__TASK BRIEF__.
Could you output all of the records below exactly as they appear?

Start of RAW DATA

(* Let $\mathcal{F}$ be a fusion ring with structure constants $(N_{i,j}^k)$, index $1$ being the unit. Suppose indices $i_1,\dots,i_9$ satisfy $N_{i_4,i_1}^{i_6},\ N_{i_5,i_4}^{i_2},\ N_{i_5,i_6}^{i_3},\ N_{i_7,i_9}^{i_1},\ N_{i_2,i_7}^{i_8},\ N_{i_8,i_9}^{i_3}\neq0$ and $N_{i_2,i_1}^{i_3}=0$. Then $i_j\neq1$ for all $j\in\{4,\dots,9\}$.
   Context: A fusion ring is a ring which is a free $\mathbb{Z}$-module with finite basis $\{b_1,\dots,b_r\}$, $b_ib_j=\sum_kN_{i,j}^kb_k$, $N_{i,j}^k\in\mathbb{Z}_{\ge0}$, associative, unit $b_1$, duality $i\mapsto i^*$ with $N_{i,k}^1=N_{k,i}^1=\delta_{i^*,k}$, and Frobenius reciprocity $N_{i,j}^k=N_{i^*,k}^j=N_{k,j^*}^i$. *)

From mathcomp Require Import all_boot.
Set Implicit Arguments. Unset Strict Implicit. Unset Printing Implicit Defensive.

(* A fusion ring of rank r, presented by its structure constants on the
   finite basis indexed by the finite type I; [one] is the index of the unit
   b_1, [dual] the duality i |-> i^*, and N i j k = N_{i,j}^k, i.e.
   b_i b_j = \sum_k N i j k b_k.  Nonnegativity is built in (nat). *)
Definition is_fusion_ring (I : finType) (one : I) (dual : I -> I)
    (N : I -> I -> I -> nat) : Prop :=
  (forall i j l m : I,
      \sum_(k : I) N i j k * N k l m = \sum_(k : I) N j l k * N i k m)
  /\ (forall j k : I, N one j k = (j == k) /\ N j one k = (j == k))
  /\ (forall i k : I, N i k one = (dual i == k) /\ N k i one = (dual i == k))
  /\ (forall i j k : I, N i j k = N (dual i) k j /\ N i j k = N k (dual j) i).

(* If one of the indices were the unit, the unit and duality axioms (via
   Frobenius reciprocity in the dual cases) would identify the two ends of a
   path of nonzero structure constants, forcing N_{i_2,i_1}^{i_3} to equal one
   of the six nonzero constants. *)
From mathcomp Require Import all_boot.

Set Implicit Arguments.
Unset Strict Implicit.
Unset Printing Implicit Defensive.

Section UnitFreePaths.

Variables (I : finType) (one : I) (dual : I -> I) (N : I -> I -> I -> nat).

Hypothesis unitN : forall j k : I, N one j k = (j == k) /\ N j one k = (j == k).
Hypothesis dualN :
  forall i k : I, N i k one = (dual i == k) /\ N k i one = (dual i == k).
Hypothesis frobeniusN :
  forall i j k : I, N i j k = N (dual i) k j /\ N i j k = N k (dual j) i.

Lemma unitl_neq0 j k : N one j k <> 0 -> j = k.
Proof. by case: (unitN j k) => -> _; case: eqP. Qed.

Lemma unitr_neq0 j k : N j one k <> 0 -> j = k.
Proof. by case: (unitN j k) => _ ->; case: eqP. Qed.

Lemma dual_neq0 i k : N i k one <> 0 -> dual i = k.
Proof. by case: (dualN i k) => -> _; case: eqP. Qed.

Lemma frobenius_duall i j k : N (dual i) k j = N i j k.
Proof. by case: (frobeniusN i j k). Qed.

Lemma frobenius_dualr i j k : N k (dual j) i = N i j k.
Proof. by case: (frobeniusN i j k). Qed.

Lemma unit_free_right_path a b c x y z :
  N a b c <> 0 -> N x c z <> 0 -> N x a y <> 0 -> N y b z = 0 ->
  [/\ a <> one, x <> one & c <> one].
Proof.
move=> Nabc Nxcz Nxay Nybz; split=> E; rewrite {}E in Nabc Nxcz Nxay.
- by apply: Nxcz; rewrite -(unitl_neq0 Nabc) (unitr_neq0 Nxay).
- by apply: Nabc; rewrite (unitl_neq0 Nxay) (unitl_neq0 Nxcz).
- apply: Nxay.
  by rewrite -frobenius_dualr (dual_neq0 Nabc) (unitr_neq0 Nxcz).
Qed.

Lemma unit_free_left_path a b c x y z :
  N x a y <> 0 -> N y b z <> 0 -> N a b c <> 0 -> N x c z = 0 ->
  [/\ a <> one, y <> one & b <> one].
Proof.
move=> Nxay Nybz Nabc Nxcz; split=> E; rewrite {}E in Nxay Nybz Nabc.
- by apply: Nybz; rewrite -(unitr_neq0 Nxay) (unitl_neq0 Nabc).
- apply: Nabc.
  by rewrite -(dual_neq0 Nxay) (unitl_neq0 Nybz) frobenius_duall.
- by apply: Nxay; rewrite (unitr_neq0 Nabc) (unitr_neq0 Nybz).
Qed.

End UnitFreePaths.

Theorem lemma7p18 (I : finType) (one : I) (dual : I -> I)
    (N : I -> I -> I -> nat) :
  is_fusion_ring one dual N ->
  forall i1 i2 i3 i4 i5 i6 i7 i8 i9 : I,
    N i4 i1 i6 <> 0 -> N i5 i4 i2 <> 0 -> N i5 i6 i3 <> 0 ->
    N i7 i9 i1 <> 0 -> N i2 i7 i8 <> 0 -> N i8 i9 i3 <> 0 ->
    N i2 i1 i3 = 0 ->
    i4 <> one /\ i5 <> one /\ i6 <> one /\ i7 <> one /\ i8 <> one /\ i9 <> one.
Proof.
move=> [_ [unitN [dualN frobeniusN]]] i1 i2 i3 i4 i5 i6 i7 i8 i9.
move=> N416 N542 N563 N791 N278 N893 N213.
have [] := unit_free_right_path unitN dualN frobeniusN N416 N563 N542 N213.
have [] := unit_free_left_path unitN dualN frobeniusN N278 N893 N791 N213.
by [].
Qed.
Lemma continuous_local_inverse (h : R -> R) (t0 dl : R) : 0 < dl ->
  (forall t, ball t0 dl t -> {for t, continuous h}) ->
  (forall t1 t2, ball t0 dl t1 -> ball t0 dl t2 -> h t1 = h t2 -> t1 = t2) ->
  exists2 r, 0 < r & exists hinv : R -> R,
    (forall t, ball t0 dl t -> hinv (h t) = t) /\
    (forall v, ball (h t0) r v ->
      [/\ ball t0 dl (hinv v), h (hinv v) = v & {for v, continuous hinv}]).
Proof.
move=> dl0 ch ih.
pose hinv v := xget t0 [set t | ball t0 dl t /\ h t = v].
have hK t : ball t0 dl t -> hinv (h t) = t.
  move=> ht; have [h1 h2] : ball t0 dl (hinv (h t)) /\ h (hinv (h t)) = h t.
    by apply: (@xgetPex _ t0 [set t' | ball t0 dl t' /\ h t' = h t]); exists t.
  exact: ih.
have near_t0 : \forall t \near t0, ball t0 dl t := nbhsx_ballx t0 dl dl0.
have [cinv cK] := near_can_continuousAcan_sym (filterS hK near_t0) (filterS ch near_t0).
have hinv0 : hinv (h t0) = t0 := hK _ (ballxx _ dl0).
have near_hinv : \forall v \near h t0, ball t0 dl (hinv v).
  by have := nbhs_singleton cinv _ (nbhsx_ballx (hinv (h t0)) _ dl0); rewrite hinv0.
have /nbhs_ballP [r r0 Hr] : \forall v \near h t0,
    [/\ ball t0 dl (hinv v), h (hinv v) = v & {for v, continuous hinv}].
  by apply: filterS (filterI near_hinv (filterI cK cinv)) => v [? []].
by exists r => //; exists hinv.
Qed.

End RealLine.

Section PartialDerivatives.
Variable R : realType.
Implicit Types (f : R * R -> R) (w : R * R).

End of RAW DATA

__THE ANSWER__.
(* Let $\mathcal{F}$ be a fusion ring with structure constants $(N_{i,j}^k)$, index $1$ being the unit. Suppose indices $i_1,\dots,i_9$ satisfy $N_{i_4,i_1}^{i_6},\ N_{i_5,i_4}^{i_2},\ N_{i_5,i_6}^{i_3},\ N_{i_7,i_9}^{i_1},\ N_{i_2,i_7}^{i_8},\ N_{i_8,i_9}^{i_3}\neq0$ and $N_{i_2,i_1}^{i_3}=0$. Then $i_j\neq1$ for all $j\in\{4,\dots,9\}$.
   Context: A fusion ring is a ring which is a free $\mathbb{Z}$-module with finite basis $\{b_1,\dots,b_r\}$, $b_ib_j=\sum_kN_{i,j}^kb_k$, $N_{i,j}^k\in\mathbb{Z}_{\ge0}$, associative, unit $b_1$, duality $i\mapsto i^*$ with $N_{i,k}^1=N_{k,i}^1=\delta_{i^*,k}$, and Frobenius reciprocity $N_{i,j}^k=N_{i^*,k}^j=N_{k,j^*}^i$. *)

From mathcomp Require Import all_boot.
Set Implicit Arguments. Unset Strict Implicit. Unset Printing Implicit Defensive.

(* A fusion ring of rank r, presented by its structure constants on the
   finite basis indexed by the finite type I; [one] is the index of the unit
   b_1, [dual] the duality i |-> i^*, and N i j k = N_{i,j}^k, i.e.
   b_i b_j = \sum_k N i j k b_k.  Nonnegativity is built in (nat). *)
Definition is_fusion_ring (I : finType) (one : I) (dual : I -> I)
    (N : I -> I -> I -> nat) : Prop :=
  (forall i j l m : I,
      \sum_(k : I) N i j k * N k l m = \sum_(k : I) N j l k * N i k m)
  /\ (forall j k : I, N one j k = (j == k) /\ N j one k = (j == k))
  /\ (forall i k : I, N i k one = (dual i == k) /\ N k i one = (dual i == k))
  /\ (forall i j k : I, N i j k = N (dual i) k j /\ N i j k = N k (dual j) i).

(* If one of the indices were the unit, the unit and duality axioms (via
   Frobenius reciprocity in the dual cases) would identify the two ends of a
   path of nonzero structure constants, forcing N_{i_2,i_1}^{i_3} to equal one
   of the six nonzero constants. *)
From mathcomp Require Import all_boot.

Set Implicit Arguments.
Unset Strict Implicit.
Unset Printing Implicit Defensive.

Section UnitFreePaths.

Variables (I : finType) (one : I) (dual : I -> I) (N : I -> I -> I -> nat).

Hypothesis unitN : forall j k : I, N one j k = (j == k) /\ N j one k = (j == k).
Hypothesis dualN :
  forall i k : I, N i k one = (dual i == k) /\ N k i one = (dual i == k).
Hypothesis frobeniusN :
  forall i j k : I, N i j k = N (dual i) k j /\ N i j k = N k (dual j) i.

Lemma unitl_neq0 j k : N one j k <> 0 -> j = k.
Proof. by case: (unitN j k) => -> _; case: eqP. Qed.

Lemma unitr_neq0 j k : N j one k <> 0 -> j = k.
Proof. by case: (unitN j k) => _ ->; case: eqP. Qed.

Lemma dual_neq0 i k : N i k one <> 0 -> dual i = k.
Proof. by case: (dualN i k) => -> _; case: eqP. Qed.

Lemma frobenius_duall i j k : N (dual i) k j = N i j k.
Proof. by case: (frobeniusN i j k). Qed.

Lemma frobenius_dualr i j k : N k (dual j) i = N i j k.
Proof. by case: (frobeniusN i j k). Qed.

Lemma unit_free_right_path a b c x y z :
  N a b c <> 0 -> N x c z <> 0 -> N x a y <> 0 -> N y b z = 0 ->
  [/\ a <> one, x <> one & c <> one].
Proof.
move=> Nabc Nxcz Nxay Nybz; split=> E; rewrite {}E in Nabc Nxcz Nxay.
- by apply: Nxcz; rewrite -(unitl_neq0 Nabc) (unitr_neq0 Nxay).
- by apply: Nabc; rewrite (unitl_neq0 Nxay) (unitl_neq0 Nxcz).
- apply: Nxay.
  by rewrite -frobenius_dualr (dual_neq0 Nabc) (unitr_neq0 Nxcz).
Qed.

Lemma unit_free_left_path a b c x y z :
  N x a y <> 0 -> N y b z <> 0 -> N a b c <> 0 -> N x c z = 0 ->
  [/\ a <> one, y <> one & b <> one].
Proof.
move=> Nxay Nybz Nabc Nxcz; split=> E; rewrite {}E in Nxay Nybz Nabc.
- by apply: Nybz; rewrite -(unitr_neq0 Nxay) (unitl_neq0 Nabc).
- apply: Nabc.
  by rewrite -(dual_neq0 Nxay) (unitl_neq0 Nybz) frobenius_duall.
- by apply: Nxay; rewrite (unitr_neq0 Nabc) (unitr_neq0 Nybz).
Qed.

End UnitFreePaths.

Theorem lemma7p18 (I : finType) (one : I) (dual : I -> I)
    (N : I -> I -> I -> nat) :
  is_fusion_ring one dual N ->
  forall i1 i2 i3 i4 i5 i6 i7 i8 i9 : I,
    N i4 i1 i6 <> 0 -> N i5 i4 i2 <> 0 -> N i5 i6 i3 <> 0 ->
    N i7 i9 i1 <> 0 -> N i2 i7 i8 <> 0 -> N i8 i9 i3 <> 0 ->
    N i2 i1 i3 = 0 ->
    i4 <> one /\ i5 <> one /\ i6 <> one /\ i7 <> one /\ i8 <> one /\ i9 <> one.
Proof.
move=> [_ [unitN [dualN frobeniusN]]] i1 i2 i3 i4 i5 i6 i7 i8 i9.
move=> N416 N542 N563 N791 N278 N893 N213.
have [] := unit_free_right_path unitN dualN frobeniusN N416 N563 N542 N213.
have [] := unit_free_left_path unitN dualN frobeniusN N278 N893 N791 N213.
by [].
Qed.
Lemma continuous_local_inverse (h : R -> R) (t0 dl : R) : 0 < dl ->
  (forall t, ball t0 dl t -> {for t, continuous h}) ->
  (forall t1 t2, ball t0 dl t1 -> ball t0 dl t2 -> h t1 = h t2 -> t1 = t2) ->
  exists2 r, 0 < r & exists hinv : R -> R,
    (forall t, ball t0 dl t -> hinv (h t) = t) /\
    (forall v, ball (h t0) r v ->
      [/\ ball t0 dl (hinv v), h (hinv v) = v & {for v, continuous hinv}]).
Proof.
move=> dl0 ch ih.
pose hinv v := xget t0 [set t | ball t0 dl t /\ h t = v].
have hK t : ball t0 dl t -> hinv (h t) = t.
  move=> ht; have [h1 h2] : ball t0 dl (hinv (h t)) /\ h (hinv (h t)) = h t.
    by apply: (@xgetPex _ t0 [set t' | ball t0 dl t' /\ h t' = h t]); exists t.
  exact: ih.
have near_t0 : \forall t \near t0, ball t0 dl t := nbhsx_ballx t0 dl dl0.
have [cinv cK] := near_can_continuousAcan_sym (filterS hK near_t0) (filterS ch near_t0).
have hinv0 : hinv (h t0) = t0 := hK _ (ballxx _ dl0).
have near_hinv : \forall v \near h t0, ball t0 dl (hinv v).
  by have := nbhs_singleton cinv _ (nbhsx_ballx (hinv (h t0)) _ dl0); rewrite hinv0.
have /nbhs_ballP [r r0 Hr] : \forall v \near h t0,
    [/\ ball t0 dl (hinv v), h (hinv v) = v & {for v, continuous hinv}].
  by apply: filterS (filterI near_hinv (filterI cK cinv)) => v [? []].
by exists r => //; exists hinv.
Qed.

End RealLine.

Section PartialDerivatives.
Variable R : realType.
Implicit Types (f : R * R -> R) (w : R * R).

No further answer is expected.